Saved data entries
◆ ◆ ◆ ◆ ◆ ◆ ◆
(* Let $P$ be a finite atomic lattice that is ranked and whose Hasse diagram is a uniform layered graph. If $Q$ is a finite ranked poset with unique minimal element such that $Q\sim_BP$, then $Q_{\ge2}\cong P_{\ge2}$; that is, $P_{\ge2}$ is determined up to isomorphism by the doubly graded algebra $B(P)$.
   Context: A lattice is atomic if every element is a join of atoms (elements covering the minimum $\hat0$). A ranked poset has a rank function with $|x|=|y|+1$ whenever $x$ covers $y$ and $|x|=0$ iff $x$ is minimal; its Hasse diagram is the layered graph with layers $P_i=\{p:|p|=i\}$ and edges $(p,q)$ for coverings $p\gtrdot q$; $S(p)$ is the set of elements covered by $p$; $P_{\ge j}=\bigcup_{i\ge j}P_i$. The Hasse diagram is uniform if for every $p$ of rank $\ge2$ the elements of $S(p)$ form a single class under the transitive closure of $x\approx y$ iff $S(x)\cap S(y)\neq\emptyset$. For a layered graph with vertex set $V=\bigsqcup V_i$, $V_+=\bigsqcup_{i\ge1}V_i$, $B(\Gamma)=T(V_+)/R_B$ over a field $\mathbb F$, where $R_B$ is generated by $\{vw: v,w\in V_+,(v,w)\notin E\}\cup\{v\sum_{w\in S(v)}w: |v|\ge2\}$, doubly graded with $v_1\cdots v_m$ in bidegree $(m,\sum|v_i|)$. $Q\sim_BP$ means there is a doubly graded algebra isomorphism $B(P)\to B(Q)$. *)

From HB Require Import structures.
From mathcomp Require Import all_boot all_order all_algebra.
Set Implicit Arguments. Unset Strict Implicit. Unset Printing Implicit Defensive.
Import Order.Theory GRing.Theory.

Local Open Scope order_scope.

Section PosetDefs.
Context {d : Order.disp_t} {T : finPOrderType d}.

Definition covers (x y : T) : bool :=
  (y < x) && [forall z : T, ~~ ((y < z) && (z < x))].

Definition minimal (x : T) : Prop := forall y : T, y <= x -> y = x.

Definition is_rank (r : T -> nat) : Prop :=
  (forall x y : T, covers x y -> r x = (r y).+1) /\
  (forall x : T, r x = 0%N <-> minimal x).

Definition unique_minimal : Prop :=
  exists x0 : T, forall x : T, minimal x <-> x = x0.

Definition Sset (p : T) : {set T} := [set q | covers p q].

Definition uniform (r : T -> nat) : Prop :=
  forall p : T, (2 <= r p)%N ->
    forall x y : T, x \in Sset p -> y \in Sset p ->
      connect (fun a b : T => [&& a \in Sset p, b \in Sset p &
                                  (Sset a :&: Sset b != set0)]) x y.

End PosetDefs.

Definition atom {d : Order.disp_t} {L : finTBLatticeType d} (a : L) : bool :=
  covers a \bot.

Definition atomic {d : Order.disp_t} (L : finTBLatticeType d) : Prop :=
  forall x : L, x = \join_(a : L | atom a && (a <= x)) a.

Definition ge2_iso {dP dQ : Order.disp_t} (P : finPOrderType dP) (rP : P -> nat)
    (Q : finPOrderType dQ) (rQ : Q -> nat) : Prop :=
  exists f : {x : P | (2 <= rP x)%N} -> {y : Q | (2 <= rQ y)%N},
    bijective f /\ forall x y, (val x <= val y) = (val (f x) <= val (f y)).

Local Close Scope order_scope.
Local Open Scope ring_scope.

(* Tensor algebra T(X) over a field, realised on functions on words     *)
Section TensorAlg.
Variable F : fieldType.
Variable X : finType.

Definition mono (u : seq X) : seq X -> F := fun s => (s == u)%:R.

Definition ncmul (f g : seq X -> F) : seq X -> F :=
  fun s => \sum_(i < (size s).+1) f (take i s) * g (drop i s).

Inductive ideal (Rel : (seq X -> F) -> Prop) : (seq X -> F) -> Prop :=
| ideal0 : ideal Rel (fun _ => 0)
| idealD f g : ideal Rel f -> ideal Rel g -> ideal Rel (fun s => f s + g s)
| idealZ (c : F) f : ideal Rel f -> ideal Rel (fun s => c * f s)
| idealG (u w : seq X) r : Rel r -> ideal Rel (ncmul (mono u) (ncmul r (mono w)))
| idealE f g : (forall s, f s = g s) -> ideal Rel f -> ideal Rel g.

(* elements of T(X) written as finite formal linear combinations of words *)
Definition fpoly := seq (F * seq X).
Definition fval (p : fpoly) : seq X -> F :=
  fun s => \sum_(cw <- p) cw.1 * mono cw.2 s.

End TensorAlg.

Section Hom.
Variable F : fieldType.
Variables X Y : finType.
Variable phi : X -> seq Y -> F.

Definition homw (u : seq X) : seq Y -> F :=
  foldr (fun x acc => ncmul (phi x) acc) (mono F [::]) u.

Definition homp (p : fpoly F X) : seq Y -> F :=
  fun t => \sum_(cw <- p) cw.1 * homw cw.2 t.
End Hom.

(* B(Γ) for a layered graph with generator set X = V_+, edges E on V_+,  *)
(* and rank rk; relations  vw ((v,w) not an edge)  and  v Σ_{w∈S(v)} w  *)
(* (|v| >= 2; then S(v) ⊆ V_+).                                          *)
Definition BRel (F : fieldType) (X : finType) (E : rel X) (rk : X -> nat)
    (r : seq X -> F) : Prop :=
  (exists v w : X, ~~ E v w /\ forall s, r s = mono F [:: v; w] s) \/
  (exists v : X, (2 <= rk v)%N /\
     forall s, r s = \sum_(w : X | E v w) mono F [:: v; w] s).

(* Since B is generated in degree 1 and the relations are in degree 2, a
   doubly graded algebra morphism is the same as an algebra morphism of
   T(X) -> T(Y) determined by images phi x of generators lying in
   T_{1,rk x}(Y), which maps the ideal into the ideal; it is an isomorphism
   iff the induced map on quotients is injective and surjective. *)
Definition graded_iso (F : fieldType) (X : finType) (E : rel X) (rk : X -> nat)
    (Y : finType) (E' : rel Y) (rk' : Y -> nat) (phi : X -> seq Y -> F) : Prop :=
  [/\ (forall (x : X) (t : seq Y), phi x t != 0 ->
          exists y : Y, t = [:: y] /\ rk' y = rk x),
      (forall p : fpoly F X, ideal (BRel E rk) (fval p) ->
          ideal (BRel E' rk') (homp phi p)),
      (forall p : fpoly F X, ideal (BRel E' rk') (homp phi p) ->
          ideal (BRel E rk) (fval p)) &
      (forall q : fpoly F Y, exists p : fpoly F X,
          ideal (BRel E' rk') (fun t => fval q t - homp phi p t))].

Definition Vplus {d : Order.disp_t} (P : finPOrderType d) (r : P -> nat) : finType :=
  {x : P | (0 < r x)%N}.

Definition hasseE {d : Order.disp_t} (P : finPOrderType d) (r : P -> nat) :
  rel (Vplus r) := fun v w => covers (val v) (val w).

Definition hasseRk {d : Order.disp_t} (P : finPOrderType d) (r : P -> nat) :
  Vplus r -> nat := fun v => r (val v).

Arguments hasseE {d P} r _ _.
Arguments hasseRk {d P} r _.

Definition simB (F : fieldType) {dQ dP : Order.disp_t}
    (Q : finPOrderType dQ) (rQ : Q -> nat) (P : finPOrderType dP) (rP : P -> nat) : Prop :=
  exists phi : Vplus rP -> seq (Vplus rQ) -> F,
    @graded_iso F (Vplus rP) (hasseE rP) (hasseRk rP) (Vplus rQ) (hasseE rQ) (hasseRk rQ) phi.

(* The degree-one part of a doubly graded isomorphism B(P) -> B(Q) is an
   invertible, rank-preserving matrix [coef1] between the generators, and the
   isomorphism maps the quadratic relations of B(P) onto those of B(Q).  A
   quadratic element lies in the ideal iff each of its rows [v _] is constant
   on the elements covered by v (and vanishes there when |v| < 2); for a
   product of linear forms a b this only concerns the rows where a does not
   vanish, and the condition is transported along the matrix.  In an atomic
   lattice an element of rank >= 2 covers at least two elements, and two
   distinct elements are covered together only by their join.  Testing the
   products v w with w not covered by v then shows that the row of each v of
   rank >= 2 has a single nonzero entry, and that the resulting bijection
   between the elements of rank >= 2 preserves and reflects coverings, hence
   is an isomorphism P_{>=2} ~ Q_{>=2}. *)

From HB Require Import structures.
From mathcomp Require Import all_boot all_order all_algebra.
From mathcomp Require Import zify.
Set Implicit Arguments. Unset Strict Implicit. Unset Printing Implicit Defensive.
Import Order.Theory GRing.Theory.

Local Open Scope ring_scope.

Section Delta.
Variables (F : fieldType) (Z : finType).

Definition delta (z t : Z) : F := (t == z)%:R.

Lemma delta_id z : delta z z = 1.
Proof. by rewrite /delta eqxx. Qed.

Lemma delta_neq z t : t != z -> delta z t = 0.
Proof. by rewrite /delta => /negbTE ->. Qed.

Lemma sum_mul_delta (c : Z -> F) z : \sum_t c t * delta z t = c z.
Proof.
rewrite (bigD1 z) //= delta_id mulr1 big1 ?addr0 // => t /delta_neq ->.
exact: mulr0.
Qed.

End Delta.

Arguments delta {F Z} z t.
Arguments delta_id {F Z z}.
Arguments delta_neq {F Z z t}.
Arguments sum_mul_delta {F Z} c z.

Section TensorAlgebra.
Variables (F : fieldType) (X : finType).
Implicit Types (f g : seq X -> F) (u s : seq X).

Definition homog n f := forall s, size s != n -> f s = 0.

Lemma eq_ncmul f f' g g' : f =1 f' -> g =1 g' -> ncmul f g =1 ncmul f' g'.
Proof. by move=> ef eg s; apply: eq_bigr => i _; rewrite ef eg. Qed.

Lemma homog_mono u : homog (size u) (mono F u).
Proof. by move=> s; apply: contraNeq => /eqP; rewrite /mono; case: eqP => // ->. Qed.

Lemma homog_ncmul m n f g : homog m f -> homog n g -> homog (m + n) (ncmul f g).
Proof.
move=> hf hg s hs; rewrite /ncmul big1 // => i _.
have [hm|hm] := eqVneq (size (take i s)) m; last by rewrite hf ?mul0r.
rewrite hg ?mulr0 // size_drop; move: hm hs; rewrite size_take.
by have := ltn_ord i; case: ifP; lia.
Qed.

Lemma ncmul1l g : ncmul (mono F [::]) g =1 g.
Proof.
move=> s; rewrite /ncmul big_ord_recl take0 drop0 /mono eqxx mul1r big1 ?addr0 //.
by case: s => [|x s] i _; [case: i | rewrite /= mul0r].
Qed.

Lemma ncmul1r g : ncmul g (mono F [::]) =1 g.
Proof.
move=> s; rewrite /ncmul big_ord_recr /= take_size drop_size /mono eqxx mulr1.
rewrite big1 ?add0r // => i _.
by rewrite -size_eq0 size_drop subn_eq0 leqNgt ltn_ord mulr0.
Qed.

Lemma mono2 (v w v' w' : X) :
  mono F [:: v; w] [:: v'; w'] = ((v' == v) && (w' == w))%:R.
Proof. by rewrite /mono !eqseq_cons andbT. Qed.

End TensorAlgebra.

Arguments homog_mono {F X} u.

Section Relations.
Variables (F : fieldType) (X : finType) (E : rel X) (rk : X -> nat).
Implicit Types (f g r : seq X -> F) (a b : X -> F) (v w : X).

(* [b], read as the coefficients of the words [v w], lies in the span of the
   defining relations of B beginning with [v]. *)
Definition rel_row v b : Prop :=
  (forall w w', E v w -> E v w' -> b w = b w') /\
  ((rk v < 2)%N -> forall w, E v w -> b w = 0).

Definition rel_quad f := forall v, rel_row v (fun w => f [:: v; w]).

Definition tens a b (s : seq X) : F := if s is [:: v; w] then a v * b w else 0.

Lemma eq_rel_row v b b' : b =1 b' -> rel_row v b -> rel_row v b'.
Proof. by move=> eb [hc hz]; split=> [w w'|hv w]; rewrite -!eb; [apply: hc|apply: hz]. Qed.

Lemma rel_row_out v b : (forall w, E v w -> b w = 0) -> rel_row v b.
Proof. by move=> h; split=> [w w' /h -> /h ->|]. Qed.

Lemma rel_rowD v b b' : rel_row v b -> rel_row v b' -> rel_row v (fun w => b w + b' w).
Proof.
move=> [c1 z1] [c2 z2]; split=> [w w' e e'|hv w e]; first by rewrite (c1 _ _ e e') (c2 _ _ e e').
by rewrite z1 ?z2 ?addr0.
Qed.

Lemma rel_rowZ v c b : rel_row v b -> rel_row v (fun w => c * b w).
Proof.
by move=> [hc hz]; split=> [w w' e e'|hv w e]; [rewrite (hc _ _ e e') | rewrite hz ?mulr0].
Qed.

Lemma rel_rowZP v c b : c != 0 -> rel_row v (fun w => c * b w) <-> rel_row v b.
Proof.
move=> c0; split=> [h|]; last exact: rel_rowZ.
by apply: eq_rel_row (rel_rowZ c^-1 h) => w; rewrite mulKf.
Qed.

Lemma eq_rel_quad f g : f =1 g -> rel_quad f -> rel_quad g.
Proof. by move=> e h v; apply: eq_rel_row (h v) => w; apply: e. Qed.

Lemma rel_quad_tens a b : rel_quad (tens a b) <-> forall v, a v != 0 -> rel_row v b.
Proof.
split=> [h v av|h v]; first exact/(rel_rowZP _ _ av)/h.
have [a0|av] := eqVneq (a v) 0; last exact/(rel_rowZP _ _ av)/h.
by apply: rel_row_out => w _; rewrite /= a0 mul0r.
Qed.

Lemma homog_tens a b : homog 2 (tens a b).
Proof. by case=> [|v [|w [|]]]. Qed.

Lemma BRel_homog r : BRel E rk r -> homog 2 r.
Proof.
case=> [[v [w [_ hr]]]|[v [_ hr]]] s hs; rewrite hr; first exact: homog_mono.
by rewrite big1 // => w _; apply: homog_mono.
Qed.

Lemma BRel_rel_quad r : BRel E rk r -> rel_quad r.
Proof.
case=> [[v0 [w0 [nE hr]]]|[v0 [hv0 hr]]] v.
  apply: rel_row_out => w e; rewrite hr mono2.
  by case: eqP => [ev|]; case: eqP => [ew|] //; subst; rewrite e in nE.
have row w : r [:: v; w] = ((v == v0) && E v0 w)%:R.
  rewrite hr; case: eqP => [->|nv] /=; last first.
    by rewrite big1 // => w' _; rewrite mono2; case: eqP.
  have [e|ne] := boolP (E v0 w).
    rewrite (bigD1 w) //= mono2 !eqxx big1 ?addr0 // => w' /andP[_ nw].
    by rewrite mono2 eqxx eq_sym (negbTE nw).
  rewrite big1 // => w' e'; rewrite mono2 eqxx /=; case: eqP => // ew.
  by rewrite ew e' in ne.
split=> [w w' e e'|hv w e]; rewrite !row.
  by case: eqP => //= ev; subst; rewrite e e'.
by case: eqP => //= ev; subst; lia.
Qed.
◆ ◆ ◆ ◆ ◆ ◆ ◆
### Problem details
Output the lines above between the one holding "ideal (BRel E' rk') (fun" and the one holding "quadratic element lies", inclusive, with nothing before or after them.

### Exercise solution
          ideal (BRel E' rk') (fun t => fval q t - homp phi p t))].

Definition Vplus {d : Order.disp_t} (P : finPOrderType d) (r : P -> nat) : finType :=
  {x : P | (0 < r x)%N}.

Definition hasseE {d : Order.disp_t} (P : finPOrderType d) (r : P -> nat) :
  rel (Vplus r) := fun v w => covers (val v) (val w).

Definition hasseRk {d : Order.disp_t} (P : finPOrderType d) (r : P -> nat) :
  Vplus r -> nat := fun v => r (val v).

Arguments hasseE {d P} r _ _.
Arguments hasseRk {d P} r _.

Definition simB (F : fieldType) {dQ dP : Order.disp_t}
    (Q : finPOrderType dQ) (rQ : Q -> nat) (P : finPOrderType dP) (rP : P -> nat) : Prop :=
  exists phi : Vplus rP -> seq (Vplus rQ) -> F,
    @graded_iso F (Vplus rP) (hasseE rP) (hasseRk rP) (Vplus rQ) (hasseE rQ) (hasseRk rQ) phi.

(* The degree-one part of a doubly graded isomorphism B(P) -> B(Q) is an
   invertible, rank-preserving matrix [coef1] between the generators, and the
   isomorphism maps the quadratic relations of B(P) onto those of B(Q).  A
   quadratic element lies in the ideal iff each of its rows [v _] is constant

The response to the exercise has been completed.